# [Work item]
Look through the material below and return every line that contains "quadD".

# [Material for this exercise]
★ ★ ★
(* (u i, v i), i < k (0-based), is an ordering of M proper to X *)
Definition proper_ordering (R : realType) (n : nat) (X : 'cV[R]_n)
    (M : {set {set 'I_n}}) (k : nat) (u v : 'I_k -> 'I_n) : Prop :=
  injective (fun i => [set u i; v i]) /\
  [set [set u i; v i] | i : 'I_k] = M /\
  (forall i, X (u i) 0 <= X (v i) 0) /\
  (forall i j : 'I_k, j = i.+1 :> nat -> X (v j) 0 <= X (v i) 0) /\
  (forall i j : 'I_k, j = i.+1 :> nat -> X (v i) 0 = X (v j) 0 ->
      X (u j) 0 <= X (u i) 0).

(* Rotation: let G' = G - ab + cd for an edge ab and a non-edge cd of G. If a
   matching of size beta(G) survives in G', then G' lies in the class, so by the
   Rayleigh principle q(G) >= q(G') >= X^T Q(G') X = q(G) - (x_a + x_b)^2 +
   (x_c + x_d)^2; equality is impossible when x_c + x_d > 0, since the
   eigen-equation of X at c would change by x_c + x_d. So x_c + x_d < x_a + x_b.
   Together with the extremality of M* and the proper ordering, rotations make v_1
   the heaviest vertex and bound every vertex other than u_1, v_1 by x_(v_2), and
   every vertex outside the first two matching edges by x_(u_1) when k = 2 and
   by x_(v_3) otherwise. An edge ab of E_2 avoids v_1 and M*, so it can be
   rotated onto any missing pair among v_1v_2, u_1v_2, v_1v_3, v_2v_3; comparing
   weights shows that v_1v_2 is an edge, and that if u_1v_2 is not, then k >= 3
   and v_1v_3, v_2v_3 are edges. If u_1v_2 is an edge, so is u_2v_1: otherwise
   rotating u_2v_2 onto v_1u_2 would give x_(v_1) < x_(v_2). *)

From mathcomp Require Import all_boot all_order all_algebra.
From mathcomp Require Import reals perm.
From mathcomp Require classical_sets.
From mathcomp Require Import ring lra zify.
Import Order.TTheory GRing.Theory Num.Theory.
Local Open Scope ring_scope.
Set Implicit Arguments. Unset Strict Implicit. Unset Printing Implicit Defensive.

Section RayleighPrinciple.
Variables (R : realType) (n : nat).
Implicit Types (A B : 'M[R]_n) (y z : 'I_n -> R).

Definition sym_mx A := forall i j, A i j = A j i.
Definition mxv A y i := \sum_j A i j * y j.
Definition bilin A y z := \sum_i \sum_j y i * A i j * z j.
Definition quad A y := bilin A y y.
Definition sqnorm y := \sum_i y i ^+ 2.
Definition mx_l1norm A := \sum_i \sum_j `|A i j|.

Lemma bilinE A y z : bilin A y z = \sum_i y i * mxv A z i.
Proof.
apply: eq_bigr => i _; rewrite /mxv mulr_sumr.
by apply: eq_bigr => j _; rewrite mulrA.
Qed.

Lemma bilinC A y z : sym_mx A -> bilin A y z = bilin A z y.
Proof.
move=> sA; rewrite /bilin exchange_big.
by apply: eq_bigr => i _; apply: eq_bigr => j _; rewrite sA; ring.
Qed.

Lemma quadD A y z t : sym_mx A ->
  quad A (fun i => y i + t * z i) = quad A y + 2 * t * bilin A y z + t ^+ 2 * quad A z.
Proof.
move=> sA; have -> : 2 * t * bilin A y z = t * bilin A y z + t * bilin A z y.
  by rewrite [bilin A z y]bilinC //; ring.
rewrite /quad /bilin !mulr_sumr -!big_split /=; apply: eq_bigr => i _.
by rewrite !mulr_sumr -!big_split /=; apply: eq_bigr => j _; ring.
Qed.

Lemma sqnorm_ge0 y : 0 <= sqnorm y.
Proof. by apply: sumr_ge0 => i _; rewrite sqr_ge0. Qed.

Lemma sqnorm_eq0 y : sqnorm y = 0 -> forall i, y i = 0.
Proof.
move/eqP; rewrite psumr_eq0 => [/allP y0 i|i _]; last exact: sqr_ge0.
by apply/eqP; rewrite -sqrf_eq0 -[_ == _]implyTb y0 ?mem_index_enum.
Qed.

Lemma sqnorm1 : sqnorm (fun=> 1) = n%:R.
Proof.
by rewrite /sqnorm (eq_bigr (fun=> 1)) => [|i _]; rewrite ?expr1n // sumr_const card_ord.
Qed.

Lemma sqr_le_sqnorm y i : y i ^+ 2 <= sqnorm y.
Proof. by rewrite /sqnorm (bigD1 i) //= lerDl sumr_ge0 // => j _; rewrite sqr_ge0. Qed.

Lemma quad_sqnorm0 A y : sqnorm y = 0 -> quad A y = 0.
Proof.
move=> y0; rewrite /quad /bilin big1 // => i _; rewrite big1 // => j _.
by rewrite (sqnorm_eq0 y0 i) !mul0r.
Qed.

Lemma psd_cauchy_schwarz A y z : sym_mx A -> (forall w, 0 <= quad A w) ->
  bilin A y z ^+ 2 <= quad A y * quad A z.
Proof.
move=> sA psdA; set a := quad A z; set b := bilin A y z; set c := quad A y.
have nonneg t : 0 <= c + 2 * t * b + t ^+ 2 * a by rewrite -quadD.
have a0 : 0 <= a := psdA z; have c0 : 0 <= c := psdA y.
have [a0'|a_neq0] := eqVneq a 0.
  have [->|b_neq0] := eqVneq b 0; first by rewrite expr0n mulr_ge0.
  have := nonneg (- (c + 1) / (2 * b)); rewrite a0' mulr0 addr0.
  have -> : 2 * (- (c + 1) / (2 * b)) * b = - (c + 1) by field.
  lra.
have a_gt0 : 0 < a by rewrite lt_def a_neq0.
have := nonneg (- b / a).
have -> : c + 2 * (- b / a) * b + (- b / a) ^+ 2 * a = c - b ^+ 2 / a by field.
by rewrite subr_ge0 ler_pdivrMr // mulrC.
Qed.

Lemma mxv_scalar_sub (mu : R) A y i : mxv (mu%:M - A) y i = mu * y i - mxv A y i.
Proof.
rewrite /mxv (eq_bigr (fun j => mu *+ (i == j) * y j - A i j * y j)); last first.
  by move=> j _; rewrite !mxE mulrBl.
rewrite sumrB (bigD1 i) //= eqxx mulr1n big1 ?addr0 // => j /negbTE.
by rewrite eq_sym => ->; rewrite mul0r.
Qed.

Lemma quad_scalar_sub (mu : R) A y : quad (mu%:M - A) y = mu * sqnorm y - quad A y.
Proof.
rewrite /quad !bilinE /sqnorm mulr_sumr -sumrB; apply: eq_bigr => i _.
by rewrite mxv_scalar_sub; ring.
Qed.

Lemma sym_mx_scalar_sub (mu : R) A : sym_mx A -> sym_mx (mu%:M - A).
Proof. by move=> sA i j; rewrite !mxE sA eq_sym. Qed.

Lemma mx_l1norm_ge0 A : 0 <= mx_l1norm A.
Proof. by apply: sumr_ge0 => i _; apply: sumr_ge0. Qed.

Lemma quad_le_l1norm A y : quad A y <= mx_l1norm A * sqnorm y.
Proof.
have absM_le i j : `|y i| * `|y j| <= sqnorm y.
  have := sqr_le_sqnorm y i; have := sqr_le_sqnorm y j.
  rewrite -[y i ^+ 2]real_normK ?num_real // -[y j ^+ 2]real_normK ?num_real //.
  by have := sqr_ge0 (`|y i| - `|y j|); rewrite sqrrB; lra.
rewrite mulr_suml; apply: ler_sum => i _; rewrite mulr_suml; apply: ler_sum => j _.
rewrite (le_trans (ler_norm _)) // !normrM mulrAC mulrC ler_wpM2l //.
Qed.

Lemma psd_unitmx_sqnorm_le B : sym_mx B -> (forall w, 0 <= quad B w) ->
  B \in unitmx -> forall y, sqnorm y <= mx_l1norm (invmx B) * quad B y.
Proof.
move=> sB psdB uB y; pose z := mxv (invmx B) y.
have Bz i : mxv B z i = y i.
  transitivity (\sum_k (B *m invmx B) i k * y k); last first.
    rewrite mulmxV // (bigD1 i) //= big1 ?addr0 => [|k]; first by rewrite mxE eqxx mul1r.
    by rewrite mxE eq_sym => /negbTE ->; rewrite mul0r.
  rewrite /mxv /z /mxv (eq_bigr (fun j => \sum_k B i j * invmx B j k * y k)).
    by rewrite exchange_big; apply: eq_bigr => k _; rewrite mxE mulr_suml.
  by move=> j _; rewrite mulr_sumr; apply: eq_bigr => k _; rewrite mulrA.
have yz : bilin B y z = sqnorm y.
  by rewrite bilinE; apply: eq_bigr => i _; rewrite Bz.
have zz : quad B z = quad (invmx B) y.
  rewrite /quad bilinE (eq_bigr (fun i => z i * y i)) => [|i _]; last by rewrite Bz.
  rewrite /bilin; apply: eq_bigr => i _; rewrite /z /mxv mulr_suml.
  by apply: eq_bigr => j _; ring.
have := psd_cauchy_schwarz y z sB psdB; rewrite yz zz => cs.
have [->|y_neq0] := eqVneq (sqnorm y) 0; first by rewrite mulr_ge0 ?mx_l1norm_ge0.
have y_gt0 : 0 < sqnorm y by rewrite lt_def y_neq0 sqnorm_ge0.
rewrite -(ler_pM2r y_gt0) -expr2 mulrAC (le_trans cs) // mulrC ler_wpM2r //.
exact: quad_le_l1norm.
Qed.

Definition rayleigh_quotients A : classical_sets.set R :=
  fun r => exists y, sqnorm y != 0 /\ r = quad A y / sqnorm y.

Definition rayleigh_sup A := sup (rayleigh_quotients A).

Section TopEigenvalue.
Variable A : 'M[R]_n.
Hypotheses (sA : sym_mx A) (n_gt0 : (0 < n)%N).

Local Notation mu := (rayleigh_sup A).

Lemma has_sup_rayleigh : classical_sets.has_sup (rayleigh_quotients A).
Proof.
split; first exists (quad A (fun=> 1) / sqnorm (fun=> 1)), (fun=> 1).
  by rewrite sqnorm1 pnatr_eq0 -lt0n.
exists (mx_l1norm A) => _ [y [y_neq0 ->]].
by rewrite ler_pdivrMr ?quad_le_l1norm // lt_def y_neq0 sqnorm_ge0.
Qed.

Lemma quad_le_rayleigh_sup y : quad A y <= mu * sqnorm y.
Proof.
have [y0|y_neq0] := eqVneq (sqnorm y) 0; first by rewrite quad_sqnorm0 // y0 mulr0.
rewrite -ler_pdivrMr ?(lt_def, y_neq0, sqnorm_ge0) //.
by apply: (sup_upper_bound has_sup_rayleigh); exists y.
Qed.

Lemma rayleigh_sup_psd w : 0 <= quad (mu%:M - A) w.
Proof. by rewrite quad_scalar_sub subr_ge0 quad_le_rayleigh_sup. Qed.

(* Otherwise quad (mu - A) would be bounded below by a positive multiple of
   sqnorm, and mu would not be the least upper bound of the Rayleigh quotients. *)
Lemma rayleigh_sup_singular : (mu%:M - A) \notin unitmx.
Proof.
apply/negP => unit_muA.
have coercive := psd_unitmx_sqnorm_le (sym_mx_scalar_sub mu sA) rayleigh_sup_psd unit_muA.
set C := mx_l1norm _ in coercive.
have C_gt0 : 0 < C.
  rewrite lt_def mx_l1norm_ge0 andbT; apply/eqP => C0.
  by have := coercive (fun=> 1); rewrite sqnorm1 C0 mul0r leNgt ltr0n n_gt0.
have iC_gt0 : 0 < C^-1 by rewrite invr_gt0.
have [_ [y [y_neq0 ->]]] := sup_adherent iC_gt0 has_sup_rayleigh.
have y_gt0 : 0 < sqnorm y by rewrite lt_def y_neq0 sqnorm_ge0.
rewrite ltr_pdivlMr // -/(rayleigh_sup A) mulrBl => lt_mu.
have := coercive y; rewrite quad_scalar_sub.
have : C * (mu * sqnorm y - quad A y) < C * (C^-1 * sqnorm y).
  by rewrite ltr_pM2l //; lra.
rewrite mulrA mulfV ?gt_eqF // mul1r; lra.
Qed.
Lemma blue_pair a1 a2 a3 a4 a5 t1 t2 :
  #|completions t1| <= 2 -> #|completions t2| <= 3 ->
  perm_eq t1 [:: a1; a2; a3] -> perm_eq t2 [:: a3; a4; a5] ->
  uniq [:: a1; a2; a3; a4; a5] -> all (gtn 7) [:: a1; a2; a3; a4; a5] ->
  has (fun k => k \notin [:: a1; a2; a3; a4; a5]) [:: 4; 5; 6] -> blue_two_path.
Proof.
move=> c1 c2 /completions_perm t1E /completions_perm t2E a_uniq a7 /hasP [z z456 z_notin].
rewrite {}t1E in c1; rewrite {}t2E in c2.
have [x [y [xW1 yW2 xy]]] := exists_outside_completions c1 c2.
have blue t w : w \in W :\: completions t -> ~~ red (w |: vset t).
  by rewrite !inE => /andP []; case: (w \in W).
have [xW yW] : x \in W /\ y \in W by split; [move: xW1 | move: yW2]; rewrite inE => /andP [].
have [z7 z_j1 z_j] : [/\ z < 7, z \in [:: 3; 4; 5; 6] & z \notin [:: 0; 1; 2; 3]].
  by move: z456; rewrite !inE => /or3P [] /eqP ->.
have [t1_7 t2_7] : all (gtn 7) [:: a1; a2; a3] /\ all (gtn 7) [:: a3; a4; a5].
  by case/and5P: a7 => /= -> -> -> -> ->.
exists x, y, (v a1), (v a2), (v a3), (v a4), (v a5); split; first split => //.
- rewrite -[[:: v a1; _; _; _; _]]/(map v [:: a1; a2; a3; a4; a5]).
  rewrite map_inj_in_uniq // => a b /(allP a7) a_lt /(allP a7) b_lt /eqP.
  by rewrite v_eq // => /eqP.
- rewrite -[[:: v a1; _; _; _; _]]/(map v [:: a1; a2; a3; a4; a5]) all_map.
  by apply/allP => a /(allP a7); apply: v_in_edges.
split.
- by rewrite set4_first; apply: (blue [:: a1; a2; a3]).
- by rewrite set4_last; apply: (blue [:: a3; a4; a5]).
- exists (v z); rewrite pedge_j pedge_j1 !in_set.
  by rewrite -[[:: v a1; _; _; _; _]]/(map v [:: a1; a2; a3; a4; a5]) !mem_map_v.
exists (W :\: completions [:: a1; a2; a3]), (W :\: completions [:: a3; a4; a5]).
split; rewrite ?subsetDl ?card_W_completions ?leq_sub2l //.
move=> x' y' x'W1 y'W2 _; split.
- rewrite set4_first setU1K; last exact: W_notin_vset xW t1_7.
  by rewrite setUC; apply: (blue [:: a1; a2; a3]).
- rewrite set4_last setU1K; last exact: W_notin_vset yW t2_7.
  by rewrite setUC; apply: (blue [:: a3; a4; a5]).
Qed.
★ ★ ★
# [Answer box]
Lemma quadD A y z t : sym_mx A ->
have nonneg t : 0 <= c + 2 * t * b + t ^+ 2 * a by rewrite -quadD.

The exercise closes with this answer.